TAS2R19 Antibody

What is TAS2R19 and what is its functional role?

TAS2R19 (also known as Taste Receptor Type 2 Member 48, TAS2R48, T2R19, T2R23, or T2R48) is a G protein-coupled receptor that plays a critical role in the perception of bitter taste. This receptor belongs to the T2R family of bitter taste receptors and may recognize specific bitter compounds . These receptors function by initiating signaling cascades upon detection of bitter compounds, ultimately leading to taste perception. Beyond taste perception, emerging research suggests potential roles for bitter taste receptors in other physiological processes, including possible associations with certain cancers as suggested by ongoing research .

What are the key specifications to consider when selecting a TAS2R19 antibody?

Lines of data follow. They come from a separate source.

Lemma free_test_funs : free [:: f x; f y].
Proof.
rewrite free_cons span_seq1 seq1_free; apply/andP; split.
  apply/negP => /vlineP [k /(congr1 (fun h : {ffun V -> R^o} => h x))].
  by rewrite [RHS]ffunE test_fun_root test_fun_far_eq0 scaler0 => /eqP; rewrite oner_eq0.
apply/eqP => /(congr1 (fun h : {ffun V -> R^o} => h y)).
by rewrite test_fun_root [RHS]ffunE => /eqP; rewrite oner_eq0.
Qed.

End FarTestFunctions.

Section OrthogonalPair.
Variables (V : finType) (adj : rel V) (R : realType) (B : {set V}).
Variables f g : {ffun V -> R^o}.
Hypothesis edge_orth : forall u w, adj u w -> (f u - f w) * (g u - g w) = 0.
Hypothesis point_orth : forall v, f v * g v = 0.

Lemma ffun_combE a b v : (a *: f + b *: g) v = a * f v + b * g v.
Proof. by rewrite !ffunE. Qed.

Lemma energy_orth_comb a b :
  energy adj (a *: f + b *: g) = a ^+ 2 * energy adj f + b ^+ 2 * energy adj g.
Proof.
rewrite /energy mulrCA [b ^+ 2 * _]mulrCA -mulrDr; congr (_ * _).
rewrite !mulr_sumr -big_split; apply: eq_bigr => u _.
rewrite !mulr_sumr -big_split; apply: eq_bigr => w uw.
rewrite !ffun_combE; have := edge_orth uw.
move: (f u) (f w) (g u) (g w) => fu fw gu gw orth.
have -> : (a * fu + b * gu - (a * fw + b * gw)) ^+ 2 =
    a ^+ 2 * (fu - fw) ^+ 2 + b ^+ 2 * (gu - gw) ^+ 2
    + 2 * a * b * ((fu - fw) * (gu - gw)) by ring.
by rewrite orth mulr0 addr0.
Qed.

Lemma bnorm_orth_comb a b :
  bnorm B (a *: f + b *: g) = a ^+ 2 * bnorm B f + b ^+ 2 * bnorm B g.
Proof.
rewrite /bnorm !mulr_sumr -big_split; apply: eq_bigr => v _.
rewrite ffun_combE; have := point_orth v; move: (f v) (g v) => fv gv orth.
have -> : (a * fv + b * gv) ^+ 2 =
    a ^+ 2 * fv ^+ 2 + b ^+ 2 * gv ^+ 2 + 2 * a * b * (fv * gv) by ring.
by rewrite orth mulr0 addr0.
Qed.

Variable C : R.
Hypotheses (f_pos : 0 < bnorm B f) (g_pos : 0 < bnorm B g).
Hypotheses (f_le : energy adj f <= C * bnorm B f) (g_le : energy adj g <= C * bnorm B g).

Lemma rayleigh_orth_comb_le a b :
  a *: f + b *: g != 0 -> (rayleigh adj B (a *: f + b *: g)%R <= C%:E)%E.
Proof.
move=> comb_neq0; rewrite /rayleigh bnorm_orth_comb energy_orth_comb.
have norm_gt0 : 0 < a ^+ 2 * bnorm B f + b ^+ 2 * bnorm B g.
  have [a0|a0] := eqVneq a 0.
    have [b0|b0] := eqVneq b 0; first by move: comb_neq0; rewrite a0 b0 !scale0r addr0 eqxx.
    by rewrite a0 expr0n mul0r add0r mulr_gt0 // exprn_even_gt0.
  have a2 : 0 < a ^+ 2 by rewrite exprn_even_gt0.
  have := mulr_ge0 (sqr_ge0 b) (ltW g_pos); have := mulr_gt0 a2 f_pos.
  lra.
rewrite gt_eqF // lee_fin ler_pdivrMr // mulrDr.
rewrite [C * (a ^+ 2 * _)]mulrCA [C * (b ^+ 2 * _)]mulrCA.
by apply: lerD; apply: ler_wpM2l; rewrite ?sqr_ge0.
Qed.

Lemma sigma2_le_of_orth_pair : free [:: f; g] -> (sigma2 adj R B <= C%:E)%E.
Proof.
move=> fg_free; set W := <<[:: f; g]>>%VS.
have dimW : \dim W = 2%N by apply/eqP; exact: fg_free.
apply: le_trans (ereal_inf_lbound _) _; first by exists W.
apply: ge_ereal_sup => _ [h [hW h0] <-].
move: hW h0; rewrite /W span_cons span_seq1.
move=> /memv_addP [_ /vlineP [a ->] [_ /vlineP [b ->] ->]].
exact: rayleigh_orth_comb_le.
Qed.

End OrthogonalPair.

Theorem mainTheorem9 (R : realType) (V : finType) (adj : rel V)
  (adj_sym : symmetric adj) (adj_irr : irreflexive adj)
  (B : {set V}) (hB : (2 <= #|B|)%N)
  (hDelta : (3 <= maxdeg adj)%N)
  (t : nat) (ht : (1 <= t)%N)
  (hD : bdiam_ge adj B (2 * t + 2)) :
  let q : R := ((maxdeg adj).-1)%:R in
  [/\ (sigma2 adj R B <= (sigma_bound q t)%:E)%E,
      sigma_bound q t = q - (q ^+ t - q - 1) / q ^+ t.+1
    & forall t1 t2 : nat, (1 <= t1)%N -> (t1 <= t2)%N ->
        sigma_bound q t2 <= sigma_bound q t1].
Proof.
move=> q; set m := (maxdeg adj).-1.
have m_gt0 : (0 < m)%N by rewrite /m; lia.
have deg_le u : (deg adj u <= m.+1)%N by rewrite prednK ?leq_bigmax //; lia.
split; [|by rewrite sigma_boundE // pnatr_eq0 -lt0n|].
- case: hD => x [y [xB yB dxy]].
  have far k : (k <= t + t.+1)%N -> y \notin gball adj x k.
    by move=> kt; apply: dist_ge_notin_gball dxy _; lia.
  apply: (sigma2_le_of_orth_pair (f := test_fun adj t q x) (g := test_fun adj t q y)).
  + exact: test_fun_adj_mul_eq0.
  + exact: test_fun_mul_eq0.
  + exact: lt_le_trans ltr01 (test_fun_bnorm_ge1 _ _ _ xB).
  + exact: lt_le_trans ltr01 (test_fun_bnorm_ge1 _ _ _ yB).
  + exact: energy_test_fun_le_bnorm.
  + exact: energy_test_fun_le_bnorm.
  + exact: free_test_funs.
- by move=> t1 t2 _; apply: sigma_bound_nonincr; rewrite ler1n.
Qed.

When selecting a TAS2R19 antibody for research, several critical specifications must be considered:

• Target specificity: Ensure the antibody specifically recognizes TAS2R19, ideally with validation against endogenous levels of the target protein

• Binding region: Different antibodies may target different regions (e.g., internal region, N-terminus, C-terminus), which can affect detection efficacy depending on protein conformation and experimental conditions

• Species reactivity: Verify compatibility with your experimental model (e.g., human, mouse). Many TAS2R19 antibodies are specifically developed for human samples

• Host species and clonality: Consider whether a polyclonal or monoclonal antibody suits your research needs, and ensure the host species (e.g., rabbit) doesn't conflict with other reagents in your protocol

• Validated applications: Confirm the antibody has been validated for your intended applications (Western blotting, ELISA, immunocytochemistry, or immunofluorescence)

How can I validate the specificity of my TAS2R19 antibody?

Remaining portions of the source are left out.